- [What you will do] Within the data that follows, set down exactly the lines from the one containing "Set Implicit Arguments." through the one containing "Definition MU (n", both ends included.

Exercise input START

(* Let $n$ be even and $1\le k\le n/2$, and define $$\mathcal C_4(n,k)=\{0^k1\vec c1:\ \vec c\in\{0,1\}^{n-k-2},\ w_H(\vec c)=\tfrac n2-2,\ \vec c\text{ has no run of }k\text{ consecutive zeros}\}.$$ Then $\mathcal C_4(n,k)$ is a balanced MU code. Moreover, for a fixed integer $a\ge1$, as $n\to\infty$ over powers of $2$, $$\liminf_{n\to\infty}\ \frac{|\mathcal C_4(n,\log_2 n+a)|}{\frac{2^n}{n\sqrt n}}\ \ge\ \frac{2^a-1}{2^{2a+1}\sqrt{2\pi}}.$$
   Context: Binary alphabet; $w_H$ is Hamming weight. A binary word of even length $n$ is balanced if its Hamming weight is $n/2$. A code $\mathcal C\subseteq\{0,1\}^n$ is mutually uncorrelated (MU) if for any two not necessarily distinct codewords $\vec a,\vec b$, no proper nonempty prefix of $\vec a$ equals a suffix of $\vec b$ of the same length; a balanced MU code is an MU code whose codewords are all balanced. *)

From mathcomp Require Import all_boot.
Set Implicit Arguments. Unset Strict Implicit. Unset Printing Implicit Defensive.

(* Binary words are sequences of booleans (true = 1, false = 0). *)

Definition wH (w : seq bool) : nat := count id w.

Definition balanced (n : nat) (w : seq bool) : bool := wH w == n./2.

Definition MU (n : nat) (C : {set n.-tuple bool}) : Prop :=
  forall a b : n.-tuple bool, a \in C -> b \in C ->
  forall i : nat, 0 < i < n -> take i (val a) <> drop (n - i) (val b).

Definition balanced_MU (n : nat) (C : {set n.-tuple bool}) : Prop :=
  MU C /\ (forall a : n.-tuple bool, a \in C -> balanced n (val a)).

Definition has_zero_run (k : nat) (c : seq bool) : bool :=
  infix (nseq k false) c.

Definition C4 (n k : nat) : {set n.-tuple bool} :=
  [set w : n.-tuple bool |
     [exists c : (n - k - 2).-tuple bool,
        [&& val w == nseq k false ++ true :: (val c ++ [:: true]),
            wH (val c) == n./2 - 2
          & ~~ has_zero_run k (val c)]]].

(* Every codeword of C4(n,k) begins with 0^k 1 and ends with 1.  A proper prefix of
   length at most k therefore ends with 0 while every suffix ends with 1.  A longer prefix
   begins with 0^k, and a proper suffix of a codeword can begin with 0^k only if these
   zeros lie in its middle part c, which has no run of k zeros.

   For the count, among the C(N, w) words c of length N = n-k-2 and weight w = n/2-2, at
   most (N-k+1) C(N-k, w) contain a run of k zeros (a union bound over the position of the
   run), and C(N-k, w) 2^k <= C(N, w) because N <= 2w.  With n = 2^m and k = m+a, so that
   2^k = n 2^a, this loses only the factor 1 - 2^-a.  Writing N = 2z+d, w = z+d with
   z = n/2-k and d = k-2, one has C(2z+d, z+d) >= 2^d C(2z, z) (1 - d(d+1)/(4z)), and the
   Wallis integrals I_j of sin^j over [0, pi/2], through (2z+1) I_(2z+1) I_(2z) = pi/2 and
   I_(2z+1) <= I_(2z), give C(2z, z)^2 >= 2 16^z / (pi (2z+1)). *)

From mathcomp Require Import all_boot zify.

(** * Mutual uncorrelation and balance *)

Definition c4_word k (c : seq bool) := nseq k false ++ true :: (c ++ [:: true]).

Lemma size_c4_word k c : size (c4_word k c) = k + size c + 2.
Proof. by rewrite /c4_word size_cat size_nseq /= size_cat /=; lia. Qed.

Lemma c4_word_inj k : injective (c4_word k).
Proof.
move=> c c' /eqP; rewrite /c4_word eqseq_cat ?size_nseq // eqxx /= eqseq_cons /=.
by move=> /eqP; rewrite !cats1 => /rcons_inj [].
Qed.

Lemma mem_C4 n k (a : n.-tuple bool) : a \in C4 n k ->
  exists c, [/\ val a = c4_word k c, size c = n - k - 2, wH c = n./2 - 2
              & ~~ has_zero_run k c].
Proof.
by rewrite inE => /existsP [c /and3P [/eqP -> /eqP wc zc]]; exists c; rewrite size_tuple.
Qed.

Lemma take_c4_word_zeros k c i : i <= k -> take i (c4_word k c) = nseq i false.
Proof.
move=> ik; rewrite take_cat size_nseq; case: ltnP => [|ki]; first by rewrite take_nseq // ltnW.
have -> : i = k by apply/eqP; rewrite eqn_leq ik ki.
by rewrite subnn take0 cats0.
Qed.

Lemma prefix_zeros_take_c4_word k c i : k <= i -> prefix (nseq k false) (take i (c4_word k c)).
Proof. by move=> ki; rewrite prefixE size_nseq take_takel // take_size_cat ?size_nseq. Qed.

Lemma zero_run_of_prefix_drop_c4_word k c p : 0 < p -> p + k < size (c4_word k c) ->
  prefix (nseq k false) (drop p (c4_word k c)) -> has_zero_run k c.
Proof.
rewrite size_c4_word prefixE size_nseq => p0 pk /eqP zeros.
case: (leqP p k) => [pk' | kp].
  move: zeros => /(congr1 (nth false ^~ (k - p))).
  rewrite nth_take ?nth_drop ?nth_nseq; try lia.
  by rewrite subnKC // /c4_word nth_cat size_nseq ltnn subnn; case: ifP.
have drop_w : drop p (c4_word k c) = drop (p - k.+1) c ++ [:: true].
  rewrite /c4_word drop_cat size_nseq ltnNge ltnW //= -subnSK // /= drop_cat.
  by case: ltnP => // ?; rewrite (_ : p - k.+1 - size c = 0) ?drop0 ?drop_oversize //; lia.
rewrite drop_w (takel_cat (T := bool)) in zeros; last by rewrite size_drop; lia.
by rewrite /has_zero_run -zeros; exact: infix_trans (infix_take _ _) (infix_drop _ _).
Qed.

Lemma nth_c4_word_last k c : nth false (c4_word k c) (k + size c).+1 = true.
Proof.
rewrite /c4_word nth_cat size_nseq ltnNge ltnW ?ltnS ?leq_addr //.
by rewrite (_ : _ - k = (size c).+1) /= ?nth_cat ?ltnn ?subnn //; lia.
Qed.

Lemma C4_MU n k : MU (C4 n k).
Proof.
move=> a b /mem_C4[c [-> _ _ _]] /mem_C4[c' [Eb _ _ no_run]] i /andP[i0 ilt] Ea.
have sb : size (c4_word k c') = n by rewrite -Eb size_tuple.
case: (leqP i k) => [ik | ki].
  move: Ea => /(congr1 (nth false ^~ i.-1)).
  rewrite take_c4_word_zeros // nth_nseq if_same nth_drop Eb.
  rewrite size_c4_word in sb.
  by rewrite (_ : n - i + i.-1 = (k + size c').+1) ?nth_c4_word_last //; lia.
apply: (negP no_run); apply: (zero_run_of_prefix_drop_c4_word _ _ (n - i)); rewrite ?sb; try lia.
by rewrite -Eb -Ea prefix_zeros_take_c4_word // ltnW.
Qed.

Lemma C4_balanced n k (a : n.-tuple bool) : ~~ odd n -> 0 < k -> a \in C4 n k ->
  balanced n (val a).
Proof.
move=> even_n k0 /mem_C4[c [Ea size_c wc _]].
have size_a : size (c4_word k c) = n by rewrite -Ea size_tuple.
rewrite size_c4_word size_c in size_a.
have n_half : n = n./2 + n./2 by rewrite -{1}(odd_double_half n) (negbTE even_n) addnn.
rewrite /balanced Ea /wH /c4_word count_cat count_nseq /= count_cat /= -/(wH c) wc mul0n.
apply/eqP; lia.
Qed.

(** * Counting the codewords *)

Fixpoint weight_words (N w : nat) : seq (seq bool) :=
  match N with
  | 0 => if w is 0 then [:: [::]] else [::]
  | N'.+1 => (if w is w'.+1 then map (cons true) (weight_words N' w') else [::])
             ++ map (cons false) (weight_words N' w)
  end.

Lemma count_weight_wordsS (p : pred (seq bool)) N w :
  count p (weight_words N.+1 w) =
  (if w is w'.+1 then count (p \o cons true) (weight_words N w') else 0)
  + count (p \o cons false) (weight_words N w).
Proof. by rewrite /= count_cat count_map; case: w => //= w; rewrite count_map. Qed.

Lemma size_weight_words N w : size (weight_words N w) = 'C(N, w).
Proof.
elim: N w => [|N IH] [|w] //=; first by rewrite size_map IH !bin0.
by rewrite size_cat !size_map !IH binS addnC.
Qed.

Lemma mem_weight_words N w s : s \in weight_words N w -> size s = N /\ wH s = w.
Proof.
elim: N w s => [|N IH] [|w] s //=; first by rewrite inE => /eqP ->.
  by move=> /mapP [t /IH [<- wt] ->].
by rewrite mem_cat => /orP [] /mapP [t /IH [<- <-] ->].
Qed.

Lemma uniq_weight_words N w : uniq (weight_words N w).
Proof.
have cons_inj b : injective (@cons bool b) by move=> s t [].
elim: N w => [|N IH] [|w] //=; first by rewrite map_inj_uniq.
rewrite cat_uniq !map_inj_uniq // !IH andbT /=.
by apply/hasPn => _ /mapP [s _ ->]; apply/mapP => -[t _].
Qed.

Lemma count_zeros_prefix_weight_words k N w :
  count (prefix (nseq k false)) (weight_words N w) <= 'C(N - k, w).
Proof.
elim: k N w => [|k IH] N w.
  by rewrite subn0 -size_weight_words count_size.
case: N => [|N]; first by case: w.
rewrite count_weight_wordsS subSS; case: w => [|w] /=.
  exact: IH.
by rewrite (@eq_count _ _ pred0) // count_pred0; exact: IH.
Qed.

Lemma has_zero_runS_cons k x s : has_zero_run k.+1 (x :: s) =
  (~~ x && prefix (nseq k false) s) || has_zero_run k.+1 s.
Proof. by rewrite /has_zero_run infix_consl /=; case: x. Qed.

Lemma count_zero_run_weight_words k N w :
  count (has_zero_run k.+1) (weight_words N w) <= (N - k) * 'C(N - k.+1, w).
Proof.
elim: N w => [|N IH] w; first by case: w.
case: (ltnP N k) => [Nk | kN].
  rewrite (@eq_in_count _ _ pred0) ?count_pred0 // => s /mem_weight_words [size_s _].
  by apply/negP => /size_infix; rewrite size_nseq size_s ltnNge Nk.
have cons_false : count (has_zero_run k.+1 \o cons false) (weight_words N w)
    <= 'C(N - k, w) + (N - k) * 'C(N - k.+1, w).
  under eq_count => s do rewrite /= has_zero_runS_cons.
  rewrite -[X in X <= _]/(count (predU (prefix (nseq k false)) (has_zero_run k.+1)) _).
  apply: leq_trans (leq_add (count_zeros_prefix_weight_words k N w) (IH w)).
  by rewrite -count_predUI leq_addr.
rewrite count_weight_wordsS subSS; case: w cons_false => [|w] cons_false.
  by apply: leq_trans cons_false _; rewrite !bin0; lia.
have -> : count (has_zero_run k.+1 \o cons true) (weight_words N w) =
          count (has_zero_run k.+1) (weight_words N w).
  by apply: eq_count => s; rewrite /= has_zero_runS_cons.
apply: leq_trans (leq_add (IH w) cons_false) _.
case: (ltnP k N) => [kN' | Nk]; last by rewrite (_ : N - k = 0) //; lia.
have [j Ej] : exists j, N - k.+1 = j by eexists.
have -> : N - k = j.+1 by lia.
have -> : N.+1 - k = j.+2 by lia.
by rewrite Ej binS !mulSn !mulnDr; lia.
Qed.

Lemma bin_le_card_C4_runs n k : k + 2 <= n ->
  'C(n - k - 2, n./2 - 2) <=
  #|C4 n k| + count (has_zero_run k) (weight_words (n - k - 2) (n./2 - 2)).
Proof.
move=> kn; set N := n - k - 2; set w := n./2 - 2.
set good := map (c4_word k) (filter (predC (has_zero_run k)) (weight_words N w)).
have uniq_good : uniq good.
  by rewrite map_inj_uniq ?filter_uniq ?uniq_weight_words //; exact: c4_word_inj.
have good_C4 : {subset good <= map val (enum (C4 n k))}.
  move=> _ /mapP [c + ->]; rewrite mem_filter => /andP [no_run /mem_weight_words [size_c wc]].
  have size_w : size (c4_word k c) == n by rewrite size_c4_word size_c; apply/eqP; lia.
  have size_c' : size c == N by rewrite size_c.
  rewrite (_ : c4_word k c = val (Tuple size_w)) // map_f // mem_enum inE.
  by apply/existsP; exists (Tuple size_c'); rewrite /= eqxx wc eqxx.
have := uniq_leq_size uniq_good good_C4.
rewrite size_map size_filter size_map -cardE => card_good.
by rewrite -size_weight_words -(count_predC (has_zero_run k)) addnC leq_add2r.
Qed.

Lemma double_bin_leq_binS M w : M < 2 * w -> 2 * 'C(M, w) <= 'C(M.+1, w).
Proof.
move=> Mw; rewrite -(leq_pmul2l (ltn0Sn M)) mulnCA (mul_bin_down M.+1 w) mulnA leq_mul2r.
by apply/orP; right; lia.
Qed.

Lemma bin_mul_exp2_leq M t w : M + t <= 2 * w -> 'C(M, w) * 2 ^ t <= 'C(M + t, w).
Proof.
elim: t => [|t IH] Mtw; first by rewrite addn0 muln1.
rewrite expnS mulnCA addnS; apply: leq_trans (double_bin_leq_binS (M + t) w _); last lia.
by rewrite leq_mul2l IH ?orbT //; lia.
Qed.

Lemma card_C4_lower n k : ~~ odd n -> 2 <= k -> k.*2 + 2 <= n ->
  2 ^ k * 'C(n - k - 2, n./2 - 2) <= 2 ^ k * #|C4 n k| + n * 'C(n - k - 2, n./2 - 2).
Proof.
move=> even_n k2 kn.
have n_half : n = n./2 + n./2 by rewrite -{1}(odd_double_half n) (negbTE even_n) addnn.
set N := n - k - 2; set w := n./2 - 2.
have bad : count (has_zero_run k) (weight_words N w) <= (N - k.-1) * 'C(N - k, w).
  by case: k k2 {kn} @N => // k _ N; exact: count_zero_run_weight_words.
have pow_bad : 'C(N - k, w) * 2 ^ k <= 'C(N, w).
  by rewrite -{2}(subnK (_ : k <= N)) ?bin_mul_exp2_leq //; rewrite /N /w; lia.
apply: (@leq_trans (2 ^ k * (#|C4 n k| + (N - k.-1) * 'C(N - k, w)))).
  rewrite leq_mul2l; apply/orP; right.
  apply: leq_trans (bin_le_card_C4_runs n k _) _; first lia.
  by rewrite leq_add2l.
rewrite mulnDr leq_add2l mulnCA [2 ^ k * _]mulnC.
by apply: leq_mul pow_bad; lia.
Qed.

Lemma central_bin_rec m :
  m.+1 * m.+1 * 'C((2 * m).+2, m.+1) = (2 * m).+2 * (2 * m).+1 * 'C(2 * m, m).
Proof.
have down := mul_bin_down (2 * m).+1 m; rewrite /= (_ : (2 * m).+1 - m = m.+1) in down; last lia.
by rewrite -mulnA -(mul_bin_diag (2 * m).+2 m) mulnCA -down mulnA.
Qed.

Lemma cube_le_exp2 j : 10 <= j -> j * j * j <= 2 ^ j.
Proof.
elim: j => // j IH; rewrite leq_eqVlt => /orP [/eqP <- // | j10].
apply: leq_trans (_ : 2 * (j * j * j) <= _); last by rewrite expnS leq_mul2l IH.
nia.
Qed.

(* The statement of [theorem8] writes [2 ^ m] with [Nat.pow]. *)
Lemma Nat_pow_expn a b : Nat.pow a b = expn a b.
Proof. by elim: b => //= b IH; rewrite expnS -IH. Qed.

Lemma exp2_ge_four_sq m a : 10 <= m + a -> 4 * 2 ^ a <= m + a ->
  4 * ((m + a) * (m + a)) <= 2 ^ m.
Proof.
move=> k10 k4A; have := cube_le_exp2 _ k10; rewrite expnD => cube.
rewrite -(leq_pmul2r (_ : 0 < m + a)); last lia.
apply: leq_trans (_ : 4 * (2 ^ m * 2 ^ a) <= _); first by rewrite -mulnA leq_mul2l cube orbT.
by rewrite mulnA [4 * _]mulnC -mulnA leq_mul2l k4A orbT.
Qed.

Exercise input END

- [Result]
Set Implicit Arguments. Unset Strict Implicit. Unset Printing Implicit Defensive.

(* Binary words are sequences of booleans (true = 1, false = 0). *)

Definition wH (w : seq bool) : nat := count id w.

Definition balanced (n : nat) (w : seq bool) : bool := wH w == n./2.

Definition MU (n : nat) (C : {set n.-tuple bool}) : Prop :=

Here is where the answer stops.